For some reason—the reference to the atrocities of the past, perhaps, or the similarities between this boy, who’d been lynched decade
s before, and Martin Lee Anderson, who’d been suffocated in 2006 —I thought back to my lunch with Goldman, the FSU criminology and human rights professor. Over our lunch of oysters, I’d thought it odd and contradictory that Goldman could be so cynical about the justice system and, at the same time, so idealistic—so naive, even—about the possibility of creating a society without prisons. Now I was beginning to share his cynicism, and I wondered whether—and hoped that—I might find my way to at least some of the idealistic antidote to the cynical toxins.
Vickery’s phone whooped. He snatched it from his belt and glared at the display, as if the phone itself were guilty of unforgivable irreverence. “Vickery. What?” His eyes darted rapidly back and forth, as if the words he was hearing were ricocheting wildly. “What? . . . When? . . . Oh, hell. Does the M.E. know? . . . Well, call him. Maybe too late, but maybe worth a try . . . Check for video cameras, visitor logs, everything . . . Okay, keep me posted . . . Damn it.”
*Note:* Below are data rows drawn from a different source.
Lemma suspension_triplet_translate (l k b u : seqspace N -> R) (M : R) :
  suspension_triplet A l k b -> contZ A u -> (forall x, XA A x -> u x <= M) ->
  suspension_triplet A (fun x => l x + (M - u x)) (fun x => k x + (M - u (shiftA x)))
    (fun x => b x + (M - u x)).
Proof.
move=> [[cl [ck cb]] lk0 [Zc cu] lb kb] [cu0 Zu] uM.
have cv : contR A (fun x => M - u x) by apply: contRB; [exact: contR_cst | exact: cu0].
have coh : cohomologous A (l \- k)
    (fun x => l x + (M - u x) - (k x + (M - u (shiftA x)))).
  by exists u; split => // x Ax /=; lra.
have cl' := contRD cl cv; have ck' := contRD ck (contR_shiftA cv).
split.
- by split; [|split] => //; exact: contRD.
- move=> x Ax; have := lk0 x Ax; have := uM x Ax; have := uM _ (XA_shiftA Ax); lra.
- split; last exact: order_unit_cohomologous cu.
  case: Zc => _ Zcx; split; first exact: (contRB cl' ck').
  move=> x Ax /=.
  have -> : l x + (M - u x) - (k x + (M - u (shiftA x))) =
            (l x - k x) - (u x - u (shiftA x)) by lra.
  by apply: rpredB; [exact: Zcx | apply: rpredB; [exact: Zu | exact/Zu/XA_shiftA]].
- move=> x Ax; have -> : l x + (M - u x) - (b x + (M - u x)) = l x - b x by lra.
  exact: lb.
- move=> x Ax.
  have -> : k x + (M - u (shiftA x)) - (b (shiftA x) + (M - u (shiftA x))) =
            k x - b (shiftA x) by lra.
  exact: kb.
Qed.

End Cohomology.

Lemma susp_class_rep (R : realType) (N : nat) (A : 'M[int]_N) (l k b : seqspace N -> R)
    (C : susp A l k b) :
  exists p, sval C p.
Proof. by case: C => C [p [hp EC]]; exists p; rewrite /= EC; exact: rst_refl. Qed.
(* Let $p\in(1,\infty)$ and let $Y$ be a Banach space admitting an equivalent norm with $(\beta)$-modulus of power type $p$. Then there is a constant $C=C(Y)>0$ such that for every integer $l\ge1$, $$c_Y(P^\omega_l)\ge C\,l^{1/p}.$$
   Context: For a Banach space $X$ with closed unit ball $B_X$ and a sequence $(y_n)_{n\ge1}$ in $X$, let $\mathrm{sep}[(y_n)]:=\inf\{\|y_m-y_n\|: m\neq n\}$. The $(\beta)$-modulus of a norm is $$\overline{\beta}_X(t):=1-\sup\Big\{\inf_{n\ge1}\tfrac{\|x+y_n\|}{2}\ :\ x\in B_X,\ (y_n)_{n\ge1}\subset B_X,\ \mathrm{sep}[(y_n)]\ge t\Big\},$$ and the norm has $(\beta)$-modulus of power type $p$ if there is $c>0$ with $\overline{\beta}_X(t)\ge ct^p$ for all $t\in(0,2]$. The parasol graph $P^\omega_1$ has vertex set $\{r,b,s\}\cup\{t_i:i\ge1\}$ and edges $\{r,b\}$, $\{b,t_i\}$, $\{t_i,s\}$ ($i\ge1$). For $l\ge2$, $P^\omega_l$ is obtained from $P^\omega_{l-1}$ by replacing every edge $\{u,v\}$ of $P^\omega_{l-1}$ by a copy of $P^\omega_1$, identifying the vertex $r$ of the copy with one endpoint of the edge and the vertex $s$ of the copy with the other endpoint (the claim holds for any such choice of identifications). Each $P^\omega_l$ carries the unweighted shortest-path metric. The distortion of an injective map is $\mathrm{dist}(f)=\mathrm{Lip}(f)\mathrm{Lip}(f^{-1})$ and $c_Y(M):=\inf\{\mathrm{dist}(f): f\colon M\to Y\text{ injective}\}$ ($+\infty$ if no bi-Lipschitz embedding exists). *)

From Stdlib Require Import Reals Lra Classical ClassicalEpsilon.
Open Scope R_scope.

Lemma Rsup_spec_ex (E : R -> Prop) :
  exists l, is_lub E l \/ ((~ exists l', is_lub E l') /\ l = 0).
Proof.
  destruct (classic (exists l', is_lub E l')) as [[l H]|H].
  - exists l; now left.
  - exists 0; now right.
Qed.

(* sup E when it exists in R (E nonempty, bounded above); 0 otherwise *)
Definition Rsup (E : R -> Prop) : R :=
  proj1_sig (constructive_indefinite_description _ (Rsup_spec_ex E)).

Definition Rinf (E : R -> Prop) : R := - Rsup (fun v => E (- v)).

Record Banach := {
  carrier :> Type;
  vzero : carrier;
  vadd : carrier -> carrier -> carrier;
  vopp : carrier -> carrier;
  vscal : R -> carrier -> carrier;
  vnorm : carrier -> R;
  vadd_assoc : forall x y z, vadd x (vadd y z) = vadd (vadd x y) z;
  vadd_comm : forall x y, vadd x y = vadd y x;
  vadd_0 : forall x, vadd x vzero = x;
  vadd_opp : forall x, vadd x (vopp x) = vzero;
  vscal_1 : forall x, vscal 1 x = x;
  vscal_assoc : forall a b x, vscal a (vscal b x) = vscal (a * b) x;
  vscal_distr_v : forall a x y, vscal a (vadd x y) = vadd (vscal a x) (vscal a y);
  vscal_distr_s : forall a b x, vscal (a + b) x = vadd (vscal a x) (vscal b x);
  vnorm_nonneg : forall x, 0 <= vnorm x;
  vnorm_eq0 : forall x, vnorm x = 0 -> x = vzero;
  vnorm_scal : forall a x, vnorm (vscal a x) = Rabs a * vnorm x;
  vnorm_triangle : forall x y, vnorm (vadd x y) <= vnorm x + vnorm y;
  vcomplete : forall u : nat -> carrier,
    (forall eps, 0 < eps -> exists N, forall m n, (N <= m)%nat -> (N <= n)%nat ->
        vnorm (vadd (u m) (vopp (u n))) < eps) ->
    exists l, forall eps, 0 < eps -> exists N, forall n, (N <= n)%nat ->
        vnorm (vadd (u n) (vopp l)) < eps
}.

Definition vsub (Y : Banach) (x y : Y) : Y := vadd Y x (vopp Y y).

Definition equiv_norm (Y : Banach) (N : Y -> R) : Prop :=
  (forall x, 0 <= N x) /\
  (forall x, N x = 0 -> x = vzero Y) /\
  (forall a x, N (vscal Y a x) = Rabs a * N x) /\
  (forall x y, N (vadd Y x y) <= N x + N y) /\
  exists a b, 0 < a /\ 0 < b /\ forall x, a * vnorm Y x <= N x /\ N x <= b * vnorm Y x.

Definition sep (Y : Banach) (N : Y -> R) (y : nat -> Y) : R :=
  Rinf (fun v => exists m n, m <> n /\ v = N (vsub Y (y m) (y n))).

Definition beta_modulus (Y : Banach) (N : Y -> R) (t : R) : R :=
  1 - Rsup (fun v => exists (x : Y) (y : nat -> Y),
            N x <= 1 /\ (forall n, N (y n) <= 1) /\ t <= sep Y N y /\
            v = Rinf (fun w => exists n, w = N (vadd Y x (y n)) / 2)).

Definition beta_power_type (Y : Banach) (N : Y -> R) (p : R) : Prop :=
  exists c, 0 < c /\ forall t, 0 < t -> t <= 2 -> beta_modulus Y N t >= c * Rpower t p.

Inductive EP1 : Type := ERB | EBT (i : nat) | ETS (i : nat).

Fixpoint PEdge (l : nat) : Type :=
  match l with O => unit | S k => (PEdge k * EP1)%type end.

(* vertices of P_l: the vertices of P_(l-1), plus for each edge e of P_(l-1)
   the new vertices b_e (None) and t_(e,i) (Some i) *)
Fixpoint PVert (l : nat) : Type :=
  match l with O => bool | S k => (PVert k + PEdge k * option nat)%type end.
(* Let $\Omega\subset V_0$ be open, let $f\colon\Omega\to\mathbb{R}$ be continuous and suppose $\Gamma_f$ is a ruled surface. Let $R_1,R_2$ be distinct rulings of $\Gamma_f$, and for $i=1,2$ let $I_i\subset\mathbb{R}$ and $g_{R_i}\colon I_i\to\mathbb{R}$ be such that $\Pi(R_i)=\{(x,0,g_{R_i}(x)):x\in I_i\}$. Then either $g_{R_1}(x)\le g_{R_2}(x)$ for all $x\in I_1\cap I_2$, or $g_{R_1}(x)\ge g_{R_2}(x)$ for all $x\in I_1\cap I_2$.
   Context: $\mathbb{H}$ is $\mathbb{R}^3$ with product $(x,y,z)\cdot(x',y',z')=(x+x',y+y',z+z'+\frac{xy'-yx'}{2})$; $Y^t=(0,t,0)$. A horizontal line is a set $\{p\cdot tv:t\in\mathbb{R}\}$, $v=(a,b,0)\neq0$; a ruled surface is a union of horizontal line segments (rulings) with endpoints in its boundary. $V_0=\{(x,0,z)\}$; for $f\colon\Omega\to\mathbb{R}$, $\Gamma_f=\{u\cdot Y^{f(u)}:u\in\Omega\}$. The intrinsic projection is $\Pi(x,y,z)=(x,0,z-\frac{xy}{2})$ (the projection of a horizontal segment not parallel to $Y$ is the graph of a quadratic function of $x$). *)

From Stdlib Require Import Reals Lra.
Open Scope R_scope.

Record H := mkH { hx : R ; hy : R ; hz : R }.

Definition hmul (p q : H) : H :=
  mkH (hx p + hx q) (hy p + hy q)
      (hz p + hz q + (hx p * hy q - hy p * hx q) / 2).

Definition hset := H -> Prop.

(* Euclidean topology of R^3 (max-norm balls): closure of a set *)
Definition hclosure (S : hset) : hset := fun p =>
  forall eps, 0 < eps -> exists q, S q /\
    Rabs (hx p - hx q) < eps /\ Rabs (hy p - hy q) < eps /\ Rabs (hz p - hz q) < eps.

Definition hboundary (S : hset) : hset := fun p => hclosure S p /\ ~ S p.

Definition hvec (t a b : R) : H := mkH (t * a) (t * b) 0.

Definition in_param (lo hi : option R) (t : R) : Prop :=
  (match lo with None => True | Some l => l < t end) /\
  (match hi with None => True | Some h => t < h end).

Definition is_ruling (S : hset) (Rl : hset) : Prop :=
  exists (p : H) (a b : R) (lo hi : option R),
    (a <> 0 \/ b <> 0) /\
    (exists t, in_param lo hi t) /\
    (forall q, Rl q <-> exists t, in_param lo hi t /\ q = hmul p (hvec t a b)) /\
    (forall q, Rl q -> S q) /\
    (forall l, lo = Some l -> hboundary S (hmul p (hvec l a b))) /\
    (forall h, hi = Some h -> hboundary S (hmul p (hvec h a b))).

Definition ruled_surface (S : hset) : Prop :=
  forall q, S q -> exists Rl, is_ruling S Rl /\ Rl q.

(* Subsets of V0 = {(x,0,z)} are encoded as predicates on (x,z). *)
Definition open_V0 (Om : R -> R -> Prop) : Prop :=
  forall x z, Om x z -> exists d, 0 < d /\
    forall x' z', Rabs (x' - x) < d -> Rabs (z' - z) < d -> Om x' z'.

Definition continuous_on_V0 (Om : R -> R -> Prop) (f : R -> R -> R) : Prop :=
  forall x z, Om x z -> forall eps, 0 < eps -> exists d, 0 < d /\
    forall x' z', Om x' z' -> Rabs (x' - x) < d -> Rabs (z' - z) < d ->
      Rabs (f x' z' - f x z) < eps.

(* Intrinsic graph Gamma_f = { u . Y^{f(u)} : u in Omega } *)
Definition igraph (Om : R -> R -> Prop) (f : R -> R -> R) : hset := fun q =>
  exists x z, Om x z /\ q = hmul (mkH x 0 z) (mkH 0 (f x z) 0).

Definition Pi (p : H) : H := mkH (hx p) 0 (hz p - hx p * hy p / 2).

(* If [g1 - g2] changed sign on [I1 ∩ I2], by the intermediate value theorem
   it would vanish at some [xs] in between, where the two rulings then have
   points with the same intrinsic projection.  On an intrinsic graph the
   [y]-coordinate is a function of the projection, so these points coincide.
   The projection of a horizontal line is a parabola in [x] whose slope at the
   abscissa of a point [q] of the line is [- hy q]; hence the two parabolas are
   tangent at [xs], their difference is [c (x - xs)^2] and has constant sign. *)

From Stdlib Require Import Reals Lra Classical.
Open Scope R_scope.

Definition hline_at (p : H) (a b x : R) : H := hmul p (hvec ((x - hx p) / a) a b).

Definition hline_proj_z (p : H) (a b x : R) : R := hz (Pi (hline_at p a b x)).

Definition between (u v w : R) : Prop := 0 <= (v - u) * (w - v).

Lemma hx_hmul_hvec p t a b : hx (hmul p (hvec t a b)) = hx p + t * a.
Proof. unfold hmul, hvec; simpl; ring. Qed.

Lemma hline_at_param p a b t x :
  a <> 0 -> hx p + t * a = x -> hline_at p a b x = hmul p (hvec t a b).
Proof. intros Ha <-. unfold hline_at. do 2 f_equal. field. exact Ha. Qed.

Lemma hx_hline_at p a b x : a <> 0 -> hx (hline_at p a b x) = x.
Proof. intros Ha. unfold hline_at, hmul, hvec; simpl. field. exact Ha. Qed.

Lemma hline_proj_z_taylor p a b x xs : a <> 0 ->
  hline_proj_z p a b x =
  hline_proj_z p a b xs - (x - xs) * hy (hline_at p a b xs) - b / a * (x - xs) ^ 2 / 2.
Proof. intros Ha. unfold hline_proj_z, hline_at, Pi, hmul, hvec; simpl. field. exact Ha. Qed.

Lemma hline_proj_z_continuous p a b : continuity (hline_proj_z p a b).
Proof. unfold hline_proj_z, hline_at, Pi, hmul, hvec; simpl. reg. Qed.

Lemma hline_proj_z_tangent p1 a1 b1 p2 a2 b2 xs : a1 <> 0 -> a2 <> 0 ->
  hline_at p1 a1 b1 xs = hline_at p2 a2 b2 xs -> forall x,
  hline_proj_z p1 a1 b1 x - hline_proj_z p2 a2 b2 x =
  - (b1 / a1 - b2 / a2) * (x - xs) ^ 2 / 2.
Proof.
  intros Ha1 Ha2 Hmeet x.
  assert (Hz : hline_proj_z p1 a1 b1 xs = hline_proj_z p2 a2 b2 xs)
    by (unfold hline_proj_z; rewrite Hmeet; reflexivity).
  rewrite (hline_proj_z_taylor p1 a1 b1 x xs), (hline_proj_z_taylor p2 a2 b2 x xs)
    by assumption.
  rewrite Hz, Hmeet. field. split; assumption.
Qed.

Lemma Pi_ext q1 q2 : hx q1 = hx q2 -> hz (Pi q1) = hz (Pi q2) -> Pi q1 = Pi q2.
Proof.
  intros Hx Hz. change (mkH (hx q1) 0 (hz (Pi q1)) = mkH (hx q2) 0 (hz (Pi q2))).
  rewrite Hx, Hz. reflexivity.
Qed.

Lemma igraph_hy Om f q : igraph Om f q -> hy q = f (hx (Pi q)) (hz (Pi q)).
Proof.
  intros (x & z & _ & ->). unfold Pi, hmul; simpl.
  rewrite !Rplus_0_l, !Rplus_0_r. f_equal. field.
Qed.

Lemma igraph_Pi_injective Om f q1 q2 :
  igraph Om f q1 -> igraph Om f q2 -> Pi q1 = Pi q2 -> q1 = q2.
Proof.
  intros G1 G2 E.
  assert (Hy : hy q1 = hy q2)
    by (rewrite (igraph_hy _ _ _ G1), (igraph_hy _ _ _ G2), E; reflexivity).
  destruct q1 as [x1 y1 z1], q2 as [x2 y2 z2]. unfold Pi in E; simpl in *.
  injection E as Ex Ez. subst. f_equal. lra.
Qed.

Lemma between_affine c a x0 xs x1 : a <> 0 ->
  between x0 xs x1 -> between ((x0 - c) / a) ((xs - c) / a) ((x1 - c) / a).
Proof.
  unfold between. intros Ha Hb.
  replace (((xs - c) / a - (x0 - c) / a) * ((x1 - c) / a - (xs - c) / a))
    with ((xs - x0) * (x1 - xs) / (a * a)) by (field; exact Ha).
  apply Rmult_le_pos; [exact Hb |].
  left. apply Rinv_0_lt_compat, (Rsqr_pos_lt a Ha).
Qed.

Lemma in_param_between lo hi t0 s t1 :
  in_param lo hi t0 -> in_param lo hi t1 -> between t0 s t1 -> in_param lo hi s.
Proof.
  unfold between. intros H0 H1 Hb.
  assert (Hs : t0 <= s <= t1 \/ t1 <= s <= t0).
  { destruct (Rle_dec t0 s), (Rle_dec s t1); [left; lra | | | right; lra]; nra. }
  destruct lo, hi; unfold in_param in *; lra.
Qed.

Lemma IVT_between (D : R -> R) x0 x1 :
  continuity D -> D x0 * D x1 <= 0 -> exists xs, between x0 xs x1 /\ D xs = 0.
Proof.
  unfold between. intros HD Hs. destruct (Rle_dec x0 x1) as [Hle | Hgt].
  - destruct (IVT_cor D x0 x1 HD Hle Hs) as [xs [Hxs HD0]].
    exists xs. split; [nra | exact HD0].
  - rewrite Rmult_comm in Hs.
    destruct (IVT_cor D x1 x0 HD (Rlt_le _ _ (Rnot_le_lt _ _ Hgt)) Hs) as [xs [Hxs HD0]].
    exists xs. split; [nra | exact HD0].
Qed.

Section GraphSegments.

Variables (Om : R -> R -> Prop) (f : R -> R -> R).
Variables (p1 p2 : H) (a1 b1 a2 b2 : R) (lo1 hi1 lo2 hi2 : option R).
Hypotheses (Ha1 : a1 <> 0) (Ha2 : a2 <> 0).
Hypothesis seg1_in_graph :
  forall t, in_param lo1 hi1 t -> igraph Om f (hmul p1 (hvec t a1 b1)).
Hypothesis seg2_in_graph :
  forall t, in_param lo2 hi2 t -> igraph Om f (hmul p2 (hvec t a2 b2)).

Lemma graph_segments_no_crossing x0 x1 :
  in_param lo1 hi1 ((x0 - hx p1) / a1) -> in_param lo1 hi1 ((x1 - hx p1) / a1) ->
  in_param lo2 hi2 ((x0 - hx p2) / a2) -> in_param lo2 hi2 ((x1 - hx p2) / a2) ->
  hline_proj_z p2 a2 b2 x0 < hline_proj_z p1 a1 b1 x0 ->
  hline_proj_z p1 a1 b1 x1 < hline_proj_z p2 a2 b2 x1 -> False.
Proof.
  intros H10 H11 H20 H21 Hx0 Hx1.
  set (D x := hline_proj_z p1 a1 b1 x - hline_proj_z p2 a2 b2 x).
  assert (HD : continuity D)
    by exact (continuity_minus _ _ (hline_proj_z_continuous _ _ _)
                (hline_proj_z_continuous _ _ _)).
  destruct (IVT_between D x0 x1 HD) as [xs [Hbw HDs]]; [unfold D; nra |].
  assert (Hmeet : hline_at p1 a1 b1 xs = hline_at p2 a2 b2 xs).
  { apply (igraph_Pi_injective Om f).
    - apply seg1_in_graph, (in_param_between _ _ _ _ _ H10 H11), between_affine; assumption.
    - apply seg2_in_graph, (in_param_between _ _ _ _ _ H20 H21), between_affine; assumption.
    - apply Pi_ext; [rewrite !hx_hline_at by assumption; reflexivity |].
      unfold D, hline_proj_z in HDs. lra. }
  pose proof (hline_proj_z_tangent _ _ _ _ _ _ _ Ha1 Ha2 Hmeet) as Htan.
  pose proof (Htan x0). pose proof (Htan x1).
  pose proof (pow2_ge_0 (x0 - xs)). pose proof (pow2_ge_0 (x1 - xs)).
  destruct (Rle_dec 0 (b1 / a1 - b2 / a2)); nra.
Qed.

End GraphSegments.

Section RulingProjection.

Variables (Rl : hset) (I : R -> Prop) (g : R -> R).
Variables (p : H) (a b : R) (lo hi : option R).
Hypothesis Rl_param :
  forall q, Rl q <-> exists t, in_param lo hi t /\ q = hmul p (hvec t a b).
Hypothesis Rl_proj :
  forall q, (exists r, Rl r /\ Pi r = q) <-> (exists x, I x /\ q = mkH x 0 (g x)).

Lemma ruling_proj_point x : I x ->
  exists t, in_param lo hi t /\ hx p + t * a = x /\ hz (Pi (hmul p (hvec t a b))) = g x.
Proof.
  intros Hx. destruct (proj2 (Rl_proj (mkH x 0 (g x)))) as (r & Hr & HPi); [eauto |].
  destruct (proj1 (Rl_param r) Hr) as (t & Ht & ->).
  exists t. split; [exact Ht | split].
  - rewrite <- (hx_hmul_hvec p t a b). exact (f_equal hx HPi).
  - rewrite HPi. reflexivity.
Qed.

Lemma ruling_proj_nonvertical x0 x1 : I x0 -> I x1 -> x0 <> x1 -> a <> 0.
Proof.
  intros H0 H1 Hne Ha. apply Hne.
  destruct (ruling_proj_point x0 H0) as (t0 & _ & <- & _).
  destruct (ruling_proj_point x1 H1) as (t1 & _ & <- & _).
  rewrite Ha. ring.
Qed.

Lemma ruling_proj_graph x : a <> 0 -> I x ->
  in_param lo hi ((x - hx p) / a) /\ g x = hline_proj_z p a b x.
Proof.
  intros Ha Hx. destruct (ruling_proj_point x Hx) as (t & Ht & Hxt & Hz).
  unfold hline_proj_z. rewrite (hline_at_param p a b t x Ha Hxt), Hz.
  replace ((x - hx p) / a) with t by (rewrite <- Hxt; field; exact Ha).
  split; [exact Ht | reflexivity].
Qed.

End RulingProjection.

Lemma rulings_proj_no_crossing Om f R1 R2 I1 I2 g1 g2 :
  is_ruling (igraph Om f) R1 -> is_ruling (igraph Om f) R2 ->
  (forall q, (exists r, R1 r /\ Pi r = q) <-> (exists x, I1 x /\ q = mkH x 0 (g1 x))) ->
  (forall q, (exists r, R2 r /\ Pi r = q) <-> (exists x, I2 x /\ q = mkH x 0 (g2 x))) ->
  forall x0 x1, I1 x0 /\ I2 x0 -> I1 x1 /\ I2 x1 ->
  g2 x0 < g1 x0 -> g1 x1 < g2 x1 -> False.
Proof.
  intros (p1 & a1 & b1 & lo1 & hi1 & _ & _ & hR1 & hR1S & _)
         (p2 & a2 & b2 & lo2 & hi2 & _ & _ & hR2 & hR2S & _) hg1 hg2
         x0 x1 [H10 H20] [H11 H21] Hx0 Hx1.
  assert (Hne : x0 <> x1) by (intros ->; lra).
  pose proof (ruling_proj_nonvertical _ _ _ _ _ _ _ _ hR1 hg1 _ _ H10 H11 Hne) as Ha1.
  pose proof (ruling_proj_nonvertical _ _ _ _ _ _ _ _ hR2 hg2 _ _ H20 H21 Hne) as Ha2.
  destruct (ruling_proj_graph _ _ _ _ _ _ _ _ hR1 hg1 x0 Ha1 H10) as [T10 G10].
  destruct (ruling_proj_graph _ _ _ _ _ _ _ _ hR1 hg1 x1 Ha1 H11) as [T11 G11].
  destruct (ruling_proj_graph _ _ _ _ _ _ _ _ hR2 hg2 x0 Ha2 H20) as [T20 G20].
  destruct (ruling_proj_graph _ _ _ _ _ _ _ _ hR2 hg2 x1 Ha2 H21) as [T21 G21].
  rewrite G10, G20 in Hx0. rewrite G11, G21 in Hx1.
  apply (graph_segments_no_crossing Om f p1 p2 a1 b1 a2 b2 lo1 hi1 lo2 hi2 Ha1 Ha2)
    with (x0 := x0) (x1 := x1); try assumption.
  - intros t Ht. apply hR1S, hR1. eauto.
  - intros t Ht. apply hR2S, hR2. eauto.
Qed.

Lemma le_or_ge_of_no_crossing (P : R -> Prop) (g1 g2 : R -> R) :
  (forall x0 x1, P x0 -> P x1 -> g2 x0 < g1 x0 -> g1 x1 < g2 x1 -> False) ->
  (forall x, P x -> g1 x <= g2 x) \/ (forall x, P x -> g1 x >= g2 x).
Proof.
  intros Hno.
  destruct (classic (exists x0, P x0 /\ g2 x0 < g1 x0)) as [(x0 & P0 & Hx0) | Hnone].
  - right. intros x1 P1. apply Rnot_lt_ge. exact (Hno x0 x1 P0 P1 Hx0).
  - left. intros x Px. apply Rnot_lt_le. intros Hx. apply Hnone. eauto.
Qed.

Theorem lemma2p1 (Om : R -> R -> Prop) (f : R -> R -> R)
  (hOm : open_V0 Om) (hf : continuous_on_V0 Om f)
  (hruled : ruled_surface (igraph Om f))
  (R1 R2 : hset)
  (hR1 : is_ruling (igraph Om f) R1) (hR2 : is_ruling (igraph Om f) R2)
  (hdist : ~ (forall q, R1 q <-> R2 q))
  (I1 I2 : R -> Prop) (g1 g2 : R -> R)
  (hg1 : forall q, (exists r, R1 r /\ Pi r = q) <-> (exists x, I1 x /\ q = mkH x 0 (g1 x)))
  (hg2 : forall q, (exists r, R2 r /\ Pi r = q) <-> (exists x, I2 x /\ q = mkH x 0 (g2 x))) :
  (forall x, I1 x -> I2 x -> g1 x <= g2 x) \/
  (forall x, I1 x -> I2 x -> g1 x >= g2 x).
Proof.
  destruct (le_or_ge_of_no_crossing (fun x => I1 x /\ I2 x) g1 g2) as [Hle | Hge].
  - exact (rulings_proj_no_crossing Om f R1 R2 I1 I2 g1 g2 hR1 hR2 hg1 hg2).
  - left. intros x H1 H2. exact (Hle x (conj H1 H2)).
  - right. intros x H1 H2. exact (Hge x (conj H1 H2)).
Qed.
He closed the phone. “That was Stevenson. I sent him up to Dothan to put some heat on Hatfield, who fiddled while reform school Rome burned. Take a wild guess what Stevenson was calling to tell me.”
Angie didn’t hesitate. “Hatfield’s dead.” Vickery nodded glumly. “So Stevenson interrogated him to death?”
“Didn’t get the chance. Hatfield died in his sleep last night, the nursing home director says.”
“How convenient,” she remarked, which I seemed to remember hearing her say once or twice before. “You suppose he had some help with that? A kink in his oxygen line? A pillow over his face?”
Vickery shrugged. “We’ll see what the M.E. says, if Hatfield hasn’t already been pickled—the funeral home picked him up early this morning. Ninety-year-old with emphysema croaks, it doesn’t necessarily raise a lot of red flags in a nursing home.” He had a point there. But so did Angie. Winston Pettis had been killed as we were closing in on the Bone Yard; someone had put a venomous snake in my bathtub; and now Hatfield had died as FDLE was starting to close in on him. If the ominous buzz surrounding us were any indication, Angie had gotten her wish: we’d managed to give the bees’ nest quite a whack.